Nicola Saccomanno

Nicola Saccomanno


Supervisor: Angelo Montanari

+39 0432 558457

Stanza / Room: L2-06-ND (DMIF, NS3)

Research Project

Advanced solutions for indoor positioning

Indoor positioning has become a quite relevant topic over the last few years thanks to its application in fields like detection of objects (stored goods, medical equipment, etc.), detection of people either during everyday activities or in the context of emergencies, personalised information delivery, healthcare monitoring, context awareness, and so on.

Nowadays, several solutions are currently being exploited to address this problem. One of the most effective is fingerprinting. A core advantage behind the adoption of this technique is that it relies only on WLANs, which are widely deployed today. Indoor fingerprint-based positioning solutions are characterised by two steps. The first one, called offline (or training) phase, aims at building the radio map used in the second phase. Basically, at certain predefined reference points (i.e., specific locations of the building), multiple readings of the Wi-Fi network are sampled and stored into a database. The second, online, phase occurs when a device is interested in identifying its position. To achieve that, it submits its observation of the Wi-Fi network, which is subsequently compared with those stored in the database to determine the possible location of the device. The literature identifies some challenges related to classical fingerprint-based solutions as well as more advanced ones. Some examples are the management of devices heterogeneity, the deployment optimisation, the radio map construction, the handling of faulty measurements, the low accuracy of classical solutions, the access points selection, the lack of uniformity of the signals, and the absence of universal standards for both indoor positioning and indoor mapping.

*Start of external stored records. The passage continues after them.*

Lemma param_of_continuous :
  continuous_wrt (Pglob01_top tauZ l) (kelley (prod_top (G_top 1 l) tauZ)) param_of.
Proof.
apply: kelley_continuous => n sg hs.
exact: continuous_pair (param_G_continuous hs) (param_z_continuous hs).
Qed.

Lemma glob_open_nbhd {n} {zf : simplex n -> Z} {U} :
  continuous_wrt (simplex_top n) tauZ zf -> glob_top tauZ l U ->
  forall s0 u0, U (glob_q l (inr (zf s0, u0))) ->
  exists2 e : R, 0 < e & forall s, close e s s0 ->
    forall u : seg l, `|val u - val u0| < e -> U (glob_q l (inr (zf s, u))).
Proof.
move=> hz hU s0 u0 U0; have l_ge0 := ltW l_gt0.
(* U is only known to be open along simplices of Z x [0,l]; the simplex T of
   dimension n+1 passes through (zf s0, u0) at cone_mid s0 and, by
   collapse_lift, covers a product neighbourhood of that point. *)
pose T x := (zf (collapse s0 x), seg_clamp l_ge0 (val u0 + (proj1_sig x ord_max - 1 / 2))).
have hT : continuous_wrt (simplex_top n.+1) (prod_top tauZ (seg_top l)) T.
  apply: continuous_pair; first exact: continuous_comp_close (collapse_close s0) hz.
  apply: seg_mcont_continuous => x e e_gt0; exists e => // y /(_ ord_max) yx.
  by apply: (clamp_dist l_ge0); move: yx; rewrite !ltr_distl; lra.
have clamp_u (u : seg l) : clamp 0 l (val u) = val u by apply: clamp_id; exact: (valP u).
have hUT : simplex_top n.+1 (fun x => U (glob_q l (inr (T x)))).
  by apply: hU => V [_ hV]; apply: hV.
have T_mid : T (cone_mid s0) = (zf s0, u0).
  rewrite /T collapse_cone_mid cone_mid_max subrr addr0; congr pair.
  by apply: val_inj; rewrite /= clamp_u.
have U_mid : U (glob_q l (inr (T (cone_mid s0)))) by rewrite T_mid.
have [d [d_gt0 Hd]] := hUT _ U_mid.
have [e e_gt0 He] := collapse_lift s0 d_gt0.
exists e => // s se u ue.
have [|x [xs xh xd]] := He s se (1 / 2 + (val u - val u0)).
  by rewrite addrAC subrr add0r.
have T_x : T x = (zf s, u).
  rewrite /T xs xh addrAC subrr add0r addrC subrK; congr pair.
  by apply: val_inj; rewrite /= clamp_u.
by have := Hd x xd; rewrite T_x.
Qed.

Lemma glob_path_local {n} {sg : simplex n -> Gsp 1 l * Z} {U} :
  continuous_wrt (simplex_top n) (prod_top (G_top 1 l) tauZ) sg -> glob_top tauZ l U ->
  forall s0 t0, U (glob_path (sg s0) t0) ->
  exists2 r : R, 0 < r & forall s, close r s s0 ->
    forall t, `|val t - val t0| < r -> U (glob_path (sg s) t).
Proof.
move=> hs hU s0 t0 U0.
have [e e_gt0 He] := glob_open_nbhd (continuous_snd (kelley_setT _) hs) hU _ _ U0.
have [r r_gt0 Hr] := G_joint_continuous (continuous_fst tauZ_setT hs) s0 t0 _ e_gt0.
exists (Num.min e r) => [|s sr t tt0]; first by rewrite lt_min e_gt0 r_gt0.
apply: He (close_le (ge_minl _ _) sr) _ _.
exact: Hr s (close_le (ge_minr _ _) sr) t (lt_le_trans tt0 (ge_minr _ _)).
Qed.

During my PhD, I am addressing the indoor positioning topic and related issues from a data science perspective. Precisely, by exploiting different techniques ranging from machine learning to more classical ones, I am interested into investigating how to take advantage of data to refine the current state of the art and possibly contributing in solving some of the current challenges. Among the possible lines of research, I am planning to study how to combine indoor and outdoor positioning, how to identify system accuracy at runtime, how to address radio map construction major related issues, and how the introduction of more refined buildings maps can improve the current scenario.